Double Standards (Show Jumping Dreams ~ Book 20)
Page 9
“Mind if I tag along?” she said.
I just shrugged. What was I supposed to say, no? It was what I wanted to say but I already felt in a crabby mood. Being mean to Jess would make me feel better for about five seconds and then I knew I’d just feel even worse. So I kept my mouth shut, which was pretty hard when really all I wanted to do was ask her about Sandy. Had she really trained Jess at her farm or was that just another lie like the pregnant Trakehner?
We walked around the show rings, watching as the men weaved tractors around the jumps, pulling drags behind them. Almost everything was ready, everything except Bluebird and me. Jess didn’t talk and neither did I. There were probably things that she wanted to know as well. I was pretty sure that she had heard on the rumor mill that Hashtag was back at Fox Run. With people like Glory around who hung in the same circles as Jess’s sister Amber, there was no way that was going to be a secret I could keep forever. In fact I was surprised that she hadn’t asked me why he wasn’t here or gloated that she knew my father had bought a defective horse that wouldn’t jump anymore. But that would have been what the old Jess would have done. New Jess was much harder to predict.
We’d cooled out our horses and were about to part ways when I couldn’t stand it any longer and the words just sort of blurted out of my mouth.
“Do you know an evil, crazy trainer called Sandy Wilkinson?” I said, my words all running together.
CHAPTER FORTY ONE
Jess just looked at me for a moment. I thought she would say something cutting, some snide comment about how we’d stolen another of her trainers or how Sandy was a cast off that she didn’t want anyway but instead she just started to laugh.
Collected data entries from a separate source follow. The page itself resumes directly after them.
Lemma rank_Swap : \rank Swap = (d * d)%N.
Proof. by apply: mxrank_unit; case: (mulmx1_unit Swap_invol). Qed.

(* Twice the orthogonal projection onto the symmetric tensors. *)
Definition Sym : 'M[F]_(d * d) := 1%:M + Swap.

Lemma SymE a b c e : Sym (mxvec_index a b) (mxvec_index c e)
  = ((c == a) && (e == b))%:R + ((c == b) && (e == a))%:R.
Proof. by rewrite mxE tensor_entry_scalar mul1r SwapE. Qed.

Lemma row_Sym a b :
  row (mxvec_index a b) Sym = mxvec (delta_mx a b + delta_mx b a).
Proof. by rewrite rowE mulmxDr mulmx1 -mxvec_delta mul_Swap trmx_delta linearD. Qed.

Definition sign_diag : 'M[F]_(d * d) :=
  diag_mx (mxvec (\matrix_(a, b) (((a < b)%N)%:R - ((b < a)%N)%:R))).

(* Conjugating Sym by sign_diag gives 1 - Swap, the antisymmetric part. *)
Lemma Sym_sign_conj : Sym + sign_diag *m Sym *m sign_diag = 2%:M.
Proof.
rewrite mul_diag_mx mul_mx_diag; apply/matrixP => i j.
case/mxvec_indexP: i => a b; case/mxvec_indexP: j => c e.
rewrite [RHS]tensor_entry_scalar [LHS]mxE SymE mxE mxE SymE !mxvecE !mxE.
have [->|ne] := eqVneq a b.
  rewrite ltnn /=; case: (eqVneq c b) => [->|cb]; case: (eqVneq e b) => [->|eb] /=;
    by rewrite ?ltnn /=; ring.
have [sq anti] : (((a < b)%N)%:R - ((b < a)%N)%:R) ^+ 2 = 1 :> F /\
    (((a < b)%N)%:R - ((b < a)%N)%:R) * (((b < a)%N)%:R - ((a < b)%N)%:R) = -1 :> F.
  have [h|h|h] := ltngtP a b; try by rewrite /=; split; ring.
  by rewrite (val_inj h) eqxx in ne.
case B1: ((c == a) && (e == b)).
  move/andP: B1 => [/eqP -> /eqP ->]; rewrite (negbTE ne) /=.
  by rewrite addr0 mulr1 -expr2 sq; ring.
case B2: ((c == b) && (e == a)); last by rewrite /=; ring.
move/andP: B2 => [/eqP -> /eqP ->] /=.
by rewrite add0r mulr1 anti; ring.
Qed.

Lemma rank_Sym : (2 : F) != 0 -> (d * d <= 2 * \rank Sym)%N.
Proof.
move=> two_nz.
have rank2 : \rank (2%:M : 'M[F]_(d * d)) = (d * d)%N.
  by rewrite -scalemx1 mxrank_scale_nz // mxrank1.
rewrite -[X in (X <= _)%N]rank2 -Sym_sign_conj mul2n -addnn.
apply: leq_trans (mxrank_add _ _) _; rewrite leq_add2l.
exact: leq_trans (mxrankM_maxl _ _) (mxrankM_maxr _ _).
Qed.

End TensorIndices.

Section RowsOf.
Variables (F : fieldType) (d m : nat).

Definition rows_of (y : 'I_m -> 'M[F]_d) : 'M[F]_(m, d * d) := \matrix_k mxvec (y k).
(* If ‖a‖² = 1 + 2d with d > 0, a square root w of d + (1 - a²) (which exists
   because 1 - a² is a sum of squares) gives a² + w² = 1 + d, contradicting
   [norm_sq_le_of_add_squares]. *)
Lemma norm_sq_le_one_of_sq_add_sos (a P : A) : star a = a -> sos P ->
  add (mul a a) P = one -> norm a * norm a <= 1.
Proof.
  intros Ha HP Hsum.
  assert (HP1 : P = sub one (mul a a)) by (rewrite <- Hsum, add_sub_cancel_l; reflexivity).
  destruct (sos_shift_norm_le P HP) as [C HC].
  apply Rnot_lt_le; intro Hlt.
  set (d := (norm a * norm a - 1) / 2).
  set (Q := sub (rsmul C one) P).
  assert (HQgen : generated (eq a) Q).
  { unfold Q, sub. rewrite HP1.
    repeat first [apply gen_add | apply gen_opp | apply gen_mul | apply gen_rsmul | apply gen_one
                 | apply gen_base; reflexivity]. }
  assert (HQsa : star Q = Q).
  { exact (generated_self_adjoint (eq a) (singleton_comm a) (singleton_self_adjoint a Ha)
             Q HQgen). }
  destruct (sqrt_rsmul_one_sub Q C (C + d) HQsa (HC C (Rle_refl C)) ltac:(unfold d; lra))
    as [w [Hw [Hww Hwc]]].
  assert (Haw : mul a w = mul w a).
  { apply Hwc. apply (generated_comm (eq a) (singleton_comm a)); [|exact HQgen].
    apply gen_base; reflexivity. }
  assert (Hsq : add (mul a a) (mul w w) = rsmul (1 + d) one).
  { set (S2 := pair_set a w).
    pose (ta := exist (generated S2) a (gen_base S2 a (or_introl eq_refl))).
    pose (tw := exist (generated S2) w (gen_base S2 w (or_intror eq_refl))).
    assert (E : tmul S2 tw tw =
                tsub S2 (tR S2 (C + d)) (tsub S2 (tR S2 C) (tsub S2 (t1 S2) (tmul S2 ta ta)))).
    { apply gval_inj. simpl. rewrite Hww. unfold Q. rewrite HP1. reflexivity. }
    exact (f_equal (gval S2) (sq_add_shifted_complement S2 (pair_set_comm a w Haw) ta tw C d E)). }
  pose proof (norm_sq_le_of_add_squares a w (1 + d) Ha Hw Haw Hsq ltac:(unfold d; lra)).
  unfold d in *. lra.
Qed.

End SquareRoots.

Section LinearFunctionals.
Context {A : CstarAlg}.
Variable f : A -> Cplx.
Hypothesis f_linear : is_linear f.

Lemma linear_zero : f zero = C0.
Proof. rewrite <- (smul_C0 (zero : A)), (proj2 f_linear). cplx. Qed.

Lemma linear_opp x : f (opp x) = Copp (f x).
Proof. rewrite opp_smul, (proj2 f_linear). cplx. Qed.

Lemma linear_sub x y : f (sub x y) = Csub (f x) (f y).
Proof. unfold sub. rewrite (proj1 f_linear), linear_opp. reflexivity. Qed.

End LinearFunctionals.
(* A is orthogonal and A + A^T = diag(2 C), where C equals c_j on the j-th
   rotation block and 1 on the trailing [1].  Hence
   |(A - a) x|^2 = sum_j (1 + a^2 - 2 a C_j) pi_j, with pi_j the weight of x on
   block j, and likewise for A^T: each half-step of ACI(1) multiplies the block
   weights by 1 + a^2 - 2 a C_j and renormalises, a = sum_j C_j pi_j being the
   current alpha_k or beta_k.  If j0 is the first rotation block carrying weight
   in v_0 (one exists since d(A, v_0) >= 2), then a >= C_j0, so the odds
   (1 - pi_j0) / pi_j0 shrink by the factor 1 - C_j0 (C_(j0+1) - C_j0) < 1 at
   each half-step.  Hence alpha_k, beta_k -> c_j0, and every limit vector lives
   in block j0, where it is annihilated by X^2 - 2 c_j0 X + 1 but, as s_j0 != 0,
   by no monic linear polynomial. *)

Lemma eqn_half_odd (l i : nat) : l./2 = i./2 -> (l == i) = (odd l == odd i).
Proof.
move=> e; apply/eqP/eqP => [->//|o].
by rewrite -(odd_double_half l) -(odd_double_half i) o e.
Qed.

Lemma sum_pair_support (V : nmodType) n (F : 'I_n -> V) j (hj : (j.*2.+1 < n)%N) :
  (forall l : 'I_n, (l : nat)./2 != j -> F l = 0) ->
  \sum_l F l = F (Ordinal (ltnW hj)) + F (Ordinal hj).
Proof.
move=> F0.
rewrite (bigD1 (Ordinal (ltnW hj))) //= (bigD1 (Ordinal hj)) /=; last first.
  by rewrite -val_eqE /= gtn_eqF.
rewrite addrA big1 ?addr0 // => l /andP[lne0 lne1]; apply: F0; apply/eqP => e.
have := odd_double_half l; rewrite e; case: (odd l) => /= el.
  by move: lne1; rewrite -val_eqE /= -el add1n eqxx.
by move: lne0; rewrite -val_eqE /= -el add0n eqxx.
Qed.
“What’s so funny?” I said.
“I’m sorry.” She tried to stifle her giggles. “But Sandy Wilkinson is anything but a trainer and if she’s at your barn then you’ve got bigger problems than me.”
“What do you mean?” I said.
“She’s shady. Ask anyone. She lies and cheats and she’s stolen tack from a lot of barns in the area. I’m surprised you don’t already know.”
“I guess we’ve been kind of busy,” I said.
Jess was quiet for a moment. “Is your dad okay?” she finally said. “I saw his fall. That was nasty.”
“He’s okay,” I replied.
I didn’t know what else to say. Fine would mean that he was on the mend and I wasn’t sure that he was. Even okay was a bit of a stretch but I wasn’t about to tell Jess that all he did was sleep and watch mindless TV from his well-worn spot on the couch.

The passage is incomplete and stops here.